Operation Size SIMD Pure Go Speedup
DotProduct (f32) 100 37 ns 137 ns 3.7x
DotProduct (f32) 1000 262 ns 1350 ns 5.2x
DotProduct (f64) 100 62 ns 138 ns 2.2x
DotProduct (f64) 1000 513 ns 1353 ns 2.6x
Add (f32) 1000 389 ns 2015 ns 5.2x
Sum (f32) 1000 343 ns 1327 ns 3.9x

Performance Notes

  • AMD64: Explicit SIMD provides 5x speedups for most operations compared to pure Go, with consistent high throughput across all vector sizes.

  • ARM64: NEON SIMD provides substantial speedups over pure Go across all operations:

    • float32: 3.7x - 5.2x faster (4 elements per 128-bit vector)
    • float64: 2.2x - 2.6x faster (2 elements per 128-bit vector)
  • CumulativeSum is inherently sequential (each element depends on the previous) and uses pure Go on all platforms.

Known Limitations

Small Slice Fallback for Min/Max (AMD64)

On AMD64, the Min and Max functions fall back to pure Go for small slices:

  • float64: slices with fewer than 4 elements
  • float32: slices with fewer than 8 elements

This is because AVX assembly loads multiple elements at once (4 float64s or 8 float32s), which would cause out-of-bounds memory access on smaller slices.
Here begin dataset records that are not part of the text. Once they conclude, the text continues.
(* Let $N\ge 2$ be an integer, let $\gamma>0$, $\upsilon\in(0,1]$, $P_b>0$, $h>0$, $T>0$, and let $p_1>p_2>\cdots>p_N>0$ with $p_1\le1$. Consider Problem P3: minimize $\sum_{k=1}^N \gamma p_k f_k^2$ over $(f_1,\dots,f_N,y_1,\dots,y_N)$ subject to $\sum_{k=1}^N \gamma f_k^2 \le \upsilon P_b h \sum_{k=1}^N y_k$, $\sum_{k=1}^N y_k\le T$, and $f_k>0$, $\frac{1}{f_k}-y_k\le 0$ for all $k$, and let $\bar E^*_{\mathrm{loc}}$ denote its optimal value (the minimum average energy consumption). Define $a=\frac{\gamma N^3}{\upsilon T^3}$ and $a'=\frac{\gamma}{\upsilon T^3}\left(\sum_{k=1}^N p_k^{1/3}\right)^2\left(\sum_{k=1}^N p_k^{-2/3}\right)$. Then: (1) if $a< P_bh<a'$, $$\bar E^*_{\mathrm{loc}}=\frac{\gamma}{T^2}\left[\sum_{k=1}^N(p_k+\lambda)^{1/3}\right]^2\left[\sum_{k=1}^N p_k(p_k+\lambda)^{-2/3}\right],$$ where $\lambda>0$ satisfies $\left[\sum_{k=1}^N (p_k+\lambda)^{1/3}\right]^2\left[\sum_{k=1}^N (p_k+\lambda)^{-2/3}\right]=\frac{\upsilon P_bhT^3}{\gamma}$; if $P_bh=a$, $\bar E^*_{\mathrm{loc}}=\frac{\gamma N^2}{T^2}\sum_{k=1}^N p_k$; moreover, on $a\le P_bh<a'$, $\bar E^*_{\mathrm{loc}}$ is a monotone decreasing function of $P_bh$ and $$\frac{\gamma}{T^2}\left(\sum_{k=1}^N p_k^{1/3}\right)^3<\bar E^*_{\mathrm{loc}}\le\frac{\gamma N^2}{T^2}\sum_{k=1}^N p_k;$$ (2) if $P_bh\ge a'$, $\bar E^*_{\mathrm{loc}}=\frac{\gamma}{T^2}\left(\sum_{k=1}^N p_k^{1/3}\right)^3$, which is independent of $P_bh$.
   Context: $f_k$ is the CPU frequency of the $k$-th cycle, $p_k$ the probability that the $k$-th cycle is executed, $\gamma f^2$ the energy per cycle at frequency $f$, $\upsilon P_b h$ the harvested power and $T$ the deadline. *)

From HB Require Import structures.
From mathcomp Require Import all_boot all_order all_algebra.
From mathcomp Require Import all_classical all_reals exp.
Set Implicit Arguments. Unset Strict Implicit. Unset Printing Implicit Defensive.
Import Order.TTheory GRing.Theory Num.Theory.
Local Open Scope classical_set_scope.
Local Open Scope ring_scope.
Lemma approx_left_biprojective_of_character_step k :
  phi (delta k) = C1 -> phi (delta (S k)) = C0 -> approx_left_phi_biprojective phi.
Proof.
  destruct Hphi as (Hadd & Hscal & Hmul & _). intros Hk HSk.
  set (u := ssub (delta k) (delta (S k))).
  assert (Hu_l1 : l1_le u 2).
  { unfold u. rewrite ssub_sadd_sscal. eapply l1_le_weaken.
    - apply l1_le_sadd; [apply l1_le_delta | apply l1_le_sscal, l1_le_delta].
    - rewrite Cabs_opp, Cabs_C1. lra. }
  assert (Hu : l1 u) by (exists 2; exact Hu_l1).
  assert (Hphiu : phi u = C1).
  { unfold u. rewrite ssub_sadd_sscal, Hadd, Hscal, Hk, HSk by auto using l1_delta, l1_sscal.
    ring. }
  assert (Hconv : forall a, conv a u = sscal (Csum a (S k)) u) by (intros; apply conv_delta_step).
  assert (Hval : forall a, l1 a -> phi a = Csum a (S k)).
  { intros a Ha. replace (phi a) with (Cmul (phi a) (phi u)) by (rewrite Hphiu; ring).
    rewrite <- Hmul, Hconv, Hscal, Hphiu by auto. ring. }
  apply (approx_left_phi_biprojective_of_eigenvectors _ (fun _ => u) (fun _ => S k) 2).
  - intros _. exact Hu_l1.
  - intros a Ha eps Heps. exists 0%nat. intros m _ N.
    rewrite (Rsum_ext _ (fun _ => 0)), Rsum_const0; [lra|].
    intros i _. rewrite Hconv. apply Cabs_sub_diag.
  - intros a Ha eps Heps. exists 0%nat. intros m _.
    rewrite Hval, Cabs_sub_diag by exact Ha. lra.
  - intros _ c. rewrite Hscal, Hphiu by exact Hu. ring.
Qed.

End Characters.

Lemma approx_left_character_biprojective_holds : approx_left_character_biprojective.
Proof.
  intros phi Hphi. destruct (character_cases phi Hphi) as [Hone | (k & Hk & HSk)].
  - apply approx_left_biprojective_of_character_delta_one; auto.
  - apply (approx_left_biprojective_of_character_step phi Hphi k); auto.
Qed.

(** * Non-biprojectivity for phi_inf *)

Lemma Csum_piA (T : tens) n : Csum (piA T) n = Csum (fun l => Csum (fun p => T p l) n) n.
Proof.
  induction n as [|n IH]; [reflexivity|].
  rewrite Csum_S, IH. unfold piA.
  change (Csum (fun l => Csum (fun p => T p l) (S n)) (S n))
    with (Csum (sadd (fun l => Csum (fun p => T p l) n) (fun l => T n l)) (S n)).
  rewrite Csum_add, !Csum_S. ring.
Qed.

(* Entry (k, l) of [delta k . T] is sum_(p<=k) T p l; that of [T . delta k] is 0 for l < k. *)
Lemma column_sums_vanish (T : tens) k :
  (forall i j, lact (delta k) T i j = ract T (delta k) i j) ->
  forall l, (l < k)%nat -> Csum (fun p => T p l) (S k) = C0.
Proof.
  intros Hcomm l Hl. specialize (Hcomm k l). unfold lact, ract, conv in Hcomm.
  rewrite !Csum_delta in Hcomm. unfold delta in Hcomm. rewrite Nat.eqb_refl in Hcomm.
  destruct (Nat.ltb_spec k k), (Nat.ltb_spec k (S l)), (Nat.eqb_spec l k); try lia.
  replace (Csum _ (S k)) with (Cadd (Cmul C1 (Csum (fun p => T p l) (S k))) (Cmul (T k l) C0))
    by ring.
  rewrite Hcomm. ring.
Qed.
(* Let $T:V\to\mathfrak g$ be an $\mathcal O$-operator on a Lie algebra $\mathfrak g$ with respect to a representation $(V;\rho)$. If $\mathcal Z^1(V,\mathfrak g)=d_{\bar\rho}(\mathrm{Nij}(T))$, then $T$ is rigid.
   Context: An $\mathcal O$-operator: linear $T:V\to\mathfrak g$ with $[Tu,Tv]=T(\rho(Tu)(v)-\rho(Tv)(u))$. $\bar\rho(u)(y)=[Tu,y]+T\rho(y)(u)$; $d_{\bar\rho}y(u)=[Tu,y]+T\rho(y)(u)$ for $y\in\mathfrak g$; $\mathcal Z^1(V,\mathfrak g)$ is the set of linear $f:V\to\mathfrak g$ with $[Tu,f(v)]-[Tv,f(u)]-T(\rho(f(u))(v)-\rho(f(v))(u))-f(\rho(Tu)(v)-\rho(Tv)(u))=0$ for all $u,v$. $\mathrm{Nij}(T)$ is the set of $x\in\mathfrak g$ with $[[x,y],[x,z]]=0$ and $\rho([x,y])\rho(x)=0$ for all $y,z\in\mathfrak g$, and $[x,[Tu,x]+T\rho(x)(u)]=0$ for all $u\in V$. A one-parameter formal deformation of $T$: $T_t=\sum_{i\ge0}\tau_it^i$, $\tau_i\in\mathrm{Hom}(V,\mathfrak g)$, $\tau_0=T$, extended $\mathbb K[[t]]$-linearly, with $[T_t(u),T_t(v)]=T_t(\rho(T_t(u))(v)-\rho(T_t(v))(u))$ in $\mathfrak g[[t]]$. Two formal deformations $\overline T_t,T_t$ are equivalent if there exist $x\in\mathfrak g$, $\phi_i\in\mathfrak{gl}(\mathfrak g)$, $\varphi_i\in\mathfrak{gl}(V)$ ($i\ge2$) with $\phi_t=\mathrm{Id}_{\mathfrak g}+t\,\mathrm{ad}_x+\sum_{i\ge2}\phi_it^i$, $\varphi_t=\mathrm{Id}_V+t\rho(x)+\sum_{i\ge2}\varphi_it^i$ satisfying $[\phi_t(y),\phi_t(z)]=\phi_t[y,z]$, $T_t\circ\varphi_t=\phi_t\circ\overline T_t$, and $\varphi_t\rho(y)u=\rho(\phi_t(y))\varphi_t(u)$. A formal deformation is trivial if it is equivalent to $T$ (regarded as a deformation of itself), and $T$ is rigid if every one-parameter formal deformation of $T$ is trivial. *)

(* Lie algebras, representations, O-operators and their
   one-parameter formal deformations, with power series over K[[t]]
   encoded coefficientwise (sequences nat -> ...). *)
From HB Require Import structures.
From mathcomp Require Import all_boot all_algebra.
Set Implicit Arguments. Unset Strict Implicit. Unset Printing Implicit Defensive.
Import GRing.Theory.
Local Open Scope ring_scope.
The Go fallback for small slices is intentional and likely optimal - SIMD setup overhead (register loading, masking, horizontal reduction) would exceed the cost of a simple 2-3 element comparison loop.

Architecture Support

Architecture Instruction Set Status
AMD64 AVX-512 Full SIMD support
AMD64 AVX + FMA Full SIMD support
AMD64 SSE2 Full SIMD support
ARM64 NEON/ASIMD Full SIMD support
Other - Pure Go fallback

Design Principles

  1. Pure Go assembly - Native Go assembler for maximum portability and easy cross-compilation
  2. Runtime dispatch - CPU features detected once at init time, zero runtime overhead
  3. Zero allocations - No heap allocations in hot paths
  4. Safe defaults - Gracefully falls back to pure Go on unsupported CPUs
  5. Boundary safe - Handles any slice length, not just SIMD-aligned sizes

Testing

The library includes comprehensive tests with pure Go reference implementations for validation:

# Run all tests
go test ./...

# Run tests with verbose output
task test

# Run benchmarks
task bench

# Compare SIMD vs pure Go performance
task bench:compare

# Show CPU SIMD capabilities
task cpu

See Taskfile.yml for all available tasks.

Contributing

Contributions are welcome! Please see CONTRIBUTING.md for guidelines.

License

This project is licensed under the MIT License - see the LICENSE file for details.